= TASK DETAILS =
Repeat only the stretch of lines below that runs from the line with "exists k : X" through the line with "exists2 F : set", unaltered.

= RECORD EXCERPTS =

(* Let $X$ be a scattered topological space such that $\mathrm{Homeo}(X)$ is fully transitive. Then the topological group $\mathrm{Homeo}(X)$ is amenable and Roelcke-precompact.
   Context: A topological space (not assumed Hausdorff) is scattered if every nonempty subset has a point that is isolated in that subset. For scattered $X$, $\mathrm{Homeo}(X)$ is endowed with the topology of pointwise convergence on $X$, making it a Hausdorff topological group. Two points $x,y\in X$ are similar if there are neighbourhoods $U_x\ni x$, $U_y\ni y$ and a homeomorphism $h\colon U_x\to U_y$ with $h(x)=y$. $\mathrm{Homeo}(X)$ is fully transitive if for every $k$ and all $k$-tuples $(x_1,\dots,x_k)$, $(y_1,\dots,y_k)$ of pairwise distinct points with $x_i$ similar to $y_i$ for each $i$, some homeomorphism $g$ satisfies $g(x_i)=y_i$ for all $i$. Amenable: every continuous affine action on a nonempty compact convex set has a fixed point. Roelcke-precompact: for every identity neighbourhood $U$ there is a finite $F$ with $G=UFU$. *)

From HB Require Import structures.
From mathcomp Require Import all_boot all_order all_algebra.
From mathcomp Require Import all_classical all_reals all_analysis.
Set Implicit Arguments. Unset Strict Implicit. Unset Printing Implicit Defensive.
Import Order.TTheory GRing.Theory Num.Theory.
Local Open Scope classical_set_scope.
Local Open Scope ring_scope.

Section Defs.
Context {X : topologicalType}.

Definition scattered : Prop :=
  forall A : set X, A !=set0 ->
    exists2 x, A x & exists2 U : set X, open U /\ U x & U `&` A = [set x].

Definition subspace_homeo (A B : set X) (h : X -> X) : Prop :=
  exists k : X -> X,
    [/\ {in A, forall a, B (h a) /\ k (h a) = a},
        {in B, forall b, A (k b) /\ h (k b) = b},
        {within A, continuous h} & {within B, continuous k}].

Definition similar (x y : X) : Prop :=
  exists Ux Uy (h : X -> X),
    [/\ nbhs x Ux, nbhs y Uy, subspace_homeo Ux Uy h & h x = y].

Definition homeo (f : X -> X) : Prop := subspace_homeo setT setT f.
Definition Homeo : set (X -> X) := [set f | homeo f].

Definition fully_transitive : Prop :=
  forall (k : nat) (xs ys : 'I_k -> X),
    injective xs -> injective ys -> (forall i, similar (xs i) (ys i)) ->
    exists2 g, Homeo g & forall i, g (xs i) = ys i.

(* Homeo(X) carries the subspace topology of the topology of pointwise
   convergence {ptws X -> X}. Identity neighbourhoods of Homeo(X): *)
Definition homeo_id_nbhs (U : set (X -> X)) : Prop :=
  U `<=` Homeo /\
  exists2 V : set {ptws X -> X}, nbhs (id : {ptws X -> X}) V & V `&` Homeo `<=` U.

Definition roelcke_precompact : Prop :=
  forall U, homeo_id_nbhs U ->
    exists2 F : set (X -> X), finite_set F /\ F `<=` Homeo &
      Homeo = [set g | exists u f v, [/\ U u, F f, U v & g = u \o f \o v]].

Definition amenable : Prop :=
  forall (R : realType) (E : tvsType R) (K : set E)
         (act : (X -> X) -> E -> E),
    hausdorff_space E -> K !=set0 -> compact K -> convex_set (K : set (convex_lmodType E)) ->
    (forall g k, Homeo g -> K k -> K (act g k)) ->
    (forall k, K k -> act id k = k) ->
    (forall g h k, Homeo g -> Homeo h -> K k -> act (g \o h) k = act g (act h k)) ->
    (forall g a b (t : R), Homeo g -> K a -> K b -> 0 <= t -> t <= 1 ->
       act g (t *: a + (1 - t) *: b) = t *: act g a + (1 - t) *: act g b) ->
    {within (Homeo `*` K : set ({ptws X -> X} * E)), continuous (fun p : {ptws X -> X} * E => act p.1 p.2)} ->
    exists2 k, K k & forall g, Homeo g -> act g k = k.

End Defs.
Arguments scattered : clear implicits.
Arguments fully_transitive : clear implicits.
Arguments amenable : clear implicits.
Arguments roelcke_precompact : clear implicits.

(* Everything comes from the stabilisers Stab(s) of finite sets s, which form a base
   of identity neighbourhoods of Homeo(X) in the pointwise topology.

   Roelcke precompactness: the double coset Stab(s) g Stab(s) only depends on the
   trace of g on s (which points of s are sent into s, and where), and there are
   finitely many traces.  Given f and g with the same trace, full transitivity yields
   u in Stab(s) sending f x to g x whenever x is in s, so that f^-1 u^-1 g is in Stab(s).

   Amenability: by compactness of K it suffices to find, for finitely many g and a
   convex neighbourhood W of 0, a point k of K with act g k - k in W.  Compactness and
   continuity give s such that Stab(s) moves every point of K within W.  Take a
   finite B containing s and its preimages under the g's.  Full transitivity realises
   every permutation of B preserving the Homeo(X)-orbits by a homeomorphism H sigma,
   and modulo Stab(s) each g acts on these realisers as a right translation by some
   tau of this finite group; so averaging act (H sigma) k0 over the group gives k. *)

From Pilot Require Import Defs.
From mathcomp Require Import all_boot all_order all_algebra all_fingroup.
From mathcomp Require Import all_classical all_reals all_analysis.
From mathcomp Require Import ring.
Set Implicit Arguments. Unset Strict Implicit. Unset Printing Implicit Defensive.
Import Order.TTheory GRing.Theory Num.Theory.

Section ClassPreservingPerm.
Variables (T : finType) (e : rel T).
Hypotheses (e_refl : reflexive e) (e_sym : symmetric e) (e_trans : transitive e).

Definition class_perms : {set {perm T}} := [set s : {perm T} | [forall x, e x (s x)]].

Lemma class_perms_group_set : group_set class_perms.
Proof.
apply/group_setP; split=> [|s t]; first by rewrite inE; apply/forallP => x; rewrite perm1.
rewrite !inE => /forallP es /forallP et; apply/forallP => x.
by rewrite permM (e_trans (es x) (et (s x))).
Qed.

Definition class_perms_group : {group {perm T}} := Group class_perms_group_set.

Lemma exists_class_notin_image (D : {set T}) (f : T -> T) x0 :
  {in D, forall x, e x (f x)} -> x0 \notin D ->
  exists2 y0, e x0 y0 & y0 \notin f @: D.
Proof.
move=> ef x0D; pose C := [set y | e x0 y].
have CDC : C :&: D \proper C.
  by apply/properP; split; [exact: subsetIl | exists x0; rewrite !inE ?e_refl ?(negbTE x0D)].
have: ~~ (C \subset f @: (C :&: D)).
  apply/negP => /subset_leq_card.
  by rewrite leqNgt (leq_ltn_trans (leq_imset_card _ _) (proper_card CDC)).
case/subsetPn => y0; rewrite inE => ey0 y0nim; exists y0 => //.
apply: contra y0nim => /imsetP[x xD y0E]; apply/imsetP; exists x => //.
by rewrite !inE xD andbT (e_trans ey0) // y0E e_sym ef.
Qed.

Lemma class_perm_extend (D : {set T}) (f : T -> T) :
  {in D &, injective f} -> {in D, forall x, e x (f x)} ->
  exists2 s, s \in class_perms & {in D, s =1 f}.
Proof.
move: {2}#|~: D| (leqnn #|~: D|) => n; elim: n D f => [|n IH] D f.
  rewrite leqn0 cards_eq0 => /eqP CD0 injf ef.
  have Dx x : x \in D by move/setP/(_ x): CD0; rewrite !inE => /negbFE.
  have finj : injective f by move=> x y; apply: injf.
  exists (perm finj) => [|x _]; last by rewrite permE.
  by rewrite inE; apply/forallP => x; rewrite permE ef.
move=> leDn injf ef; have [CD0 | [x0]] := set_0Vmem (~: D).
  by apply: IH => //; rewrite CD0 cards0.
rewrite inE => x0D.
have [y0 ey0 y0nim] := exists_class_notin_image ef x0D.
pose f' x := if x == x0 then y0 else f x.
have [|||s Ps sf'] := IH (x0 |: D) f'.
- rewrite -ltnS (leq_trans _ leDn) // proper_card // properC.
  by apply/properP; split; [exact: subsetU1 | exists x0; rewrite ?setU11].
- move=> x y; rewrite !inE /f'.
  case: eqP => [-> _|_ /= xD]; case: eqP => [-> _|_ /= yD] //.
  + by move=> y0E; rewrite y0E imset_f in y0nim.
  + by move=> y0E; rewrite -y0E imset_f in y0nim.
  + exact: injf.
- by move=> x; rewrite !inE /f'; case: eqP => [->|_] //= /ef.
exists s => // x xD; rewrite sf' ?setU1r // /f'.
by case: eqP xD => [->|//]; rewrite (negbTE x0D).
Qed.
End ClassPreservingPerm.

Local Open Scope classical_set_scope.

Section Homeomorphisms.
Variable X : topologicalType.

Lemma homeoP (f : X -> X) :
  Homeo f <-> exists g, [/\ cancel f g, cancel g f, continuous f & continuous g].
Proof.
have withinT (h : X -> X) : {within setT, continuous h} <-> continuous h.
  by split=> hc x; have := hc x; rewrite /continuous_at nbhs_subspaceT.
split=> [[g [fg gf cf cg]]|[g [fg gf cf cg]]].
  exists g; split; [by move=> x; case: (fg x (in_setT x))|by move=> x; case: (gf x (in_setT x))|..].
  - exact/withinT.
  - exact/withinT.
by exists g; split; [by move=> x _|by move=> x _|exact/withinT..].
Qed.

Lemma homeo_id : Homeo (@id X).
Proof. by apply/homeoP; exists id; split=> // x; exact: cvg_id. Qed.

Lemma homeo_comp (f g : X -> X) : Homeo f -> Homeo g -> Homeo (f \o g).
Proof.
move=> /homeoP[f' [ff' f'f cf cf']] /homeoP[g' [gg' g'g cg cg']].
apply/homeoP; exists (g' \o f'); split; [exact: can_comp|exact: can_comp|..].
- by move=> x; apply: continuous_comp; [exact: cg|exact: cf].
- by move=> x; apply: continuous_comp; [exact: cf'|exact: cg'].
Qed.

Lemma homeo_inv (f : X -> X) :
  Homeo f -> exists2 g, Homeo g & cancel f g /\ cancel g f.
Proof. by move=> /homeoP[g [fg gf cf cg]]; exists g => //; apply/homeoP; exists f. Qed.

Lemma homeo_inj (f : X -> X) : Homeo f -> injective f.
Proof. by move=> /homeo_inv[g _ [fg _]]; exact: can_inj fg. Qed.

Lemma homeo_similar (h : X -> X) x : Homeo h -> Defs.similar x (h x).
Proof. by move=> Hh; exists [set: X], [set: X], h; split=> //; exact: filter_nbhsT. Qed.

Lemma homeo_preimages (s : seq X) (gs : seq (X -> X)) : {in gs, forall g, Homeo g} ->
  exists2 B : seq X, {subset s <= B} &
    {in gs, forall g, {in s, forall a, exists2 x, x \in B & g x = a}}.
Proof.
elim: gs => [|g gs IH] Hgs; first by exists s.
have [|B sB gsB] := IH; first by move=> h hin; apply: Hgs; rewrite in_cons hin orbT.
have [k _ [_ gk]] := homeo_inv (Hgs g (mem_head _ _)).
exists (map k s ++ B) => [a sa|h]; first by rewrite mem_cat sB ?orbT.
rewrite in_cons => /predU1P[-> a sa|hin a sa].
  by exists (k a); rewrite ?mem_cat ?map_f ?gk.
by have [x xB hx] := gsB h hin a sa; exists x; rewrite ?mem_cat ?xB ?orbT.
Qed.

End Homeomorphisms.

Section FullTransitivity.
Variable X : topologicalType.
Hypothesis FT : fully_transitive X.

Lemma fully_transitive_fin (T : finType) (b c : T -> X) :
  injective b -> injective c -> (forall t, Defs.similar (b t) (c t)) ->
  exists2 h, Homeo h & forall t, h (b t) = c t.
Proof.
move=> binj cinj bc.
have [h Hh hbc] := FT (inj_comp binj (@enum_val_inj _ T))
  (inj_comp cinj (@enum_val_inj _ T)) (fun i => bc (enum_val i)).
by exists h => // t; rewrite -[t]enum_rankK; exact: hbc.
Qed.

Lemma fully_transitive_extend (A : seq X) (phi : X -> X) :
  {in A &, injective phi} -> {in A, forall x, Defs.similar x (phi x)} ->
  exists2 h, Homeo h & {in A, h =1 phi}.
Proof.
move=> phi_inj phi_sim.
have [||t|h Hh hphi] := @fully_transitive_fin (seq_sub A) val (phi \o val).
- exact: val_inj.
- by move=> s t /phi_inj/val_inj; apply; exact: valP.
- exact: phi_sim (valP t).
by exists h => // x xA; exact: (hphi (SeqSub xA)).
Qed.
End FullTransitivity.

Section PointwiseTopology.
Variable X : topologicalType.

Definition agree_filter (f : X -> X) : set_system (X -> X) :=
  filter_from [set: seq X] (fun s => [set g : X -> X | {in s, g =1 f}]).

Lemma agree_filter_filter f : Filter (agree_filter f).
Proof.
apply: filter_from_filter; first by exists [::].
move=> s t _ _; exists (s ++ t) => // g gst.
by split=> x xs; apply: gst; rewrite mem_cat xs ?orbT.
Qed.

Lemma agree_filter_cvg f : agree_filter f --> (f : {ptws X -> X}).
Proof.
have Ff := agree_filter_filter f; apply/cvg_sup => x A /=.
rewrite (@nbhsE (initial_topology (fun g : X -> X => g x))) => -[B [[C Cop CB] Bf] BA].
exists [:: x] => // g /(_ x (mem_head _ _)) gx.
by apply: BA; rewrite -CB /= gx; rewrite -CB in Bf.
Qed.

Lemma ptws_nbhs_agree (f : X -> X) (V : set {ptws X -> X}) :
  nbhs (f : {ptws X -> X}) V -> exists s : seq X, forall g, {in s, g =1 f} -> V g.
Proof. by move=> /agree_filter_cvg[s _ sV]; exists s. Qed.

Lemma homeo_id_nbhs_stabilizer (U : set (X -> X)) : homeo_id_nbhs U ->
  exists s : seq X, forall u, Homeo u -> {in s, u =1 id} -> U u.
Proof.
move=> [_ [V /ptws_nbhs_agree[s sV] VU]]; exists s => u Hu su.
by apply: VU; split; [exact: sV|].
Qed.

End PointwiseTopology.

Section RoelckePrecompact.
Variable X : topologicalType.
Hypothesis FT : fully_transitive X.

Definition trace (a : seq X) (g : X -> X) : {ffun seq_sub a -> option (seq_sub a)} :=
  [ffun x => insub (g (val x))].

Lemma trace_eq_mem (a : seq X) (f g : X -> X) x :
  trace a f = trace a g -> x \in a -> f x \in a -> f x = g x.
Proof.
move=> tfg xa fxa.
have := congr1 (fun p : {ffun seq_sub a -> option (seq_sub a)} => omap val (p (SeqSub xa))) tfg.
rewrite /= !ffunE (insubT (mem a) fxa) /=.
by case: insubP => [y _ <- []|].
Qed.

Lemma eq_trace_double_coset (a : seq X) (f g : X -> X) :
  Homeo f -> Homeo g -> trace a f = trace a g ->
  exists u v, [/\ Homeo u, Homeo v, {in a, u =1 id}, {in a, v =1 id}
    & g = u \o f \o v].
Proof.
move=> Hf Hg tfg; have [f' Hf' [ff' f'f]] := homeo_inv Hf.
pose phi y := if y \in a then y else g (f' y).
have phi_f : {in a, forall x, phi (f x) = g x}.
  move=> x xa; rewrite /phi; case: ifP => [|_]; [exact: trace_eq_mem | by rewrite ff'].
have [||u Hu uphi] := @fully_transitive_extend X FT (a ++ map f a) phi.
- move=> y1 y2; rewrite !mem_cat.
  move=> /orP[y1a | /mapP[x1 x1a ->]] /orP[y2a | /mapP[x2 x2a ->]].
  + by rewrite /phi y1a y2a.
  + by rewrite phi_f // /phi y1a => y1E; rewrite y1E (trace_eq_mem (esym tfg)) // -y1E.
  + by rewrite phi_f // /phi y2a => y2E; rewrite -y2E (trace_eq_mem (esym tfg)) // y2E.
  + by rewrite !phi_f // => /(homeo_inj Hg) ->.
- move=> y _; rewrite /phi; case: ifP => _.
    exact: (homeo_similar y (homeo_id X)).
  exact: (homeo_similar y (homeo_comp Hg Hf')).
have [u' Hu' [uu' u'u]] := homeo_inv Hu.
have ufix : {in a, u =1 id} by move=> x xa; rewrite uphi ?mem_cat ?xa // /phi xa.
have uf : {in a, forall x, u (f x) = g x}.
  by move=> x xa; rewrite uphi ?mem_cat ?map_f ?orbT // phi_f.
exists u, (f' \o u' \o g); split => //.
- by apply: homeo_comp => //; exact: homeo_comp.
- by move=> x xa /=; rewrite -uf // uu' ff'.
- by apply/funext => x /=; rewrite f'f u'u.
Qed.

= WORKED SOLUTION =
  exists k : X -> X,
    [/\ {in A, forall a, B (h a) /\ k (h a) = a},
        {in B, forall b, A (k b) /\ h (k b) = b},
        {within A, continuous h} & {within B, continuous k}].

Definition similar (x y : X) : Prop :=
  exists Ux Uy (h : X -> X),
    [/\ nbhs x Ux, nbhs y Uy, subspace_homeo Ux Uy h & h x = y].

Definition homeo (f : X -> X) : Prop := subspace_homeo setT setT f.
Definition Homeo : set (X -> X) := [set f | homeo f].

Definition fully_transitive : Prop :=
  forall (k : nat) (xs ys : 'I_k -> X),
    injective xs -> injective ys -> (forall i, similar (xs i) (ys i)) ->
    exists2 g, Homeo g & forall i, g (xs i) = ys i.

(* Homeo(X) carries the subspace topology of the topology of pointwise
   convergence {ptws X -> X}. Identity neighbourhoods of Homeo(X): *)
Definition homeo_id_nbhs (U : set (X -> X)) : Prop :=
  U `<=` Homeo /\
  exists2 V : set {ptws X -> X}, nbhs (id : {ptws X -> X}) V & V `&` Homeo `<=` U.

Definition roelcke_precompact : Prop :=
  forall U, homeo_id_nbhs U ->
    exists2 F : set (X -> X), finite_set F /\ F `<=` Homeo &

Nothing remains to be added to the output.